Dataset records

Lemma hits_universal r : is_dist r -> is_proper r ->
  (forall n w d, hits n w d r) -> universal r.
Proof.
  intros Hd Hp Hh; split; [|split]; trivial.
  intros n a eps Ha Heps.
  destruct (archimed_cor1 (eps / 3)) as [D [HD HD0]]; [lra|].
  replace D with (S (pred D)) in HD by lia; set (d := pred D) in HD.
  destruct (Hh n (floor_code n d a) d) as [m Hm]; exists m; intros i Hi.
  assert (Hnear : Rabs (retract_adm r n (grid (floor_code n d a) d) i - a i) <= 2 * / INR (S d)).
  { apply retract_adm_near; trivial; [apply dist_below_of_is_dist; assumption|].
    intros j Hj; apply grid_floor_code; trivial.
    apply (admissible_nonneg n r); trivial; apply Hd. }
  pose proof (Rabs_def2 _ _ (Hm i Hi)); pose proof (Rabs_le_bounds _ _ Hnear).
  apply Rabs_def1; lra.
Qed.

Definition extend (b : mat) (N : nat) (e : nat -> R) : mat := fun i j =>
  if Nat.eq_dec i N then (if Nat.eq_dec j N then 0 else e j)
  else if Nat.eq_dec j N then e i else b i j.

Lemma extend_agree b N e : agree_below N (extend b N e) b.
Proof.
  intros i j Hi Hj; unfold extend.
  destruct (Nat.eq_dec i N); [lia|]; destruct (Nat.eq_dec j N); [lia|reflexivity].
Qed.

Lemma extend_new b N e i : (i < N)%nat -> extend b N e i N = e i.
Proof.
  intros Hi; unfold extend.
  destruct (Nat.eq_dec i N); [lia|]; destruct (Nat.eq_dec N N); [reflexivity|lia].
Qed.

Lemma extend_dist b N e : dist_below N b -> admissible N b e ->
  dist_below (S N) (extend b N e).
Proof.
  intros [H0 [Hs Ht]] He.
  assert (Hpos : forall j, (j < N)%nat -> 0 <= e j).
  { intros j Hj; exact (admissible_nonneg N b e j (H0 j Hj) He Hj). }
  assert (Hlip : forall j l, (j < N)%nat -> (l < N)%nat -> e j <= e l + b l j).
  { intros j l Hj Hl; destruct (He l j Hl Hj) as [Hd _]; apply Rabs_le_bounds in Hd; lra. }
  assert (Hsum : forall j l, (j < N)%nat -> (l < N)%nat -> b j l <= e j + e l).
  { intros j l Hj Hl; apply (He j l Hj Hl). }
  unfold extend; split; [|split].
  - intros i Hi; destruct (Nat.eq_dec i N); [reflexivity | apply H0; lia].
  - intros i j Hi Hj; destruct (Nat.eq_dec i N), (Nat.eq_dec j N); subst;
      [reflexivity | reflexivity | reflexivity | apply Hs; lia].
  - intros i j k Hi Hj Hk.
    destruct (Nat.eq_dec i N), (Nat.eq_dec j N), (Nat.eq_dec k N); subst; try lia.
    + lra.
    + pose proof (Hpos k ltac:(lia)); lra.
    + lra.
    + apply Hlip; lia.
    + lra.
    + rewrite (Hs i k) by lia; pose proof (Hlip i k ltac:(lia) ltac:(lia)); lra.
    + apply Hsum; lia.
    + apply Ht; lia.
Qed.

Lemma extend_proper b N e : proper_below N b -> (forall j, (j < N)%nat -> 0 < e j) ->
  proper_below (S N) (extend b N e).
Proof.
  intros Hb He i j Hi Hj Hij; unfold extend.
  destruct (Nat.eq_dec i N), (Nat.eq_dec j N); subst; try lia;
    [apply He | apply He | apply Hb]; lia.
Qed.

Definition step_task (k : nat) : nat * nat * nat := untriple (fst (of_nat k)).

Lemma step_task_surj n w d B : exists k, (B <= k)%nat /\ step_task k = (n, w, d).
Proof.
  destruct (untriple_surj n w d) as [t Ht]; exists (to_nat (t, B)); split.
  - pose proof (to_nat_non_decreasing t B); lia.
  - unfold step_task; rewrite cancel_of_to; exact Ht.
Qed.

### TASK BRIEF
Transcribe the entries above word for word, from the first line through the line containing "destruct (archimed_cor1 (eps", and nothing else.

### ANSWER SECTION
Lemma hits_universal r : is_dist r -> is_proper r ->
  (forall n w d, hits n w d r) -> universal r.
Proof.
  intros Hd Hp Hh; split; [|split]; trivial.
  intros n a eps Ha Heps.
  destruct (archimed_cor1 (eps / 3)) as [D [HD HD0]]; [lra|].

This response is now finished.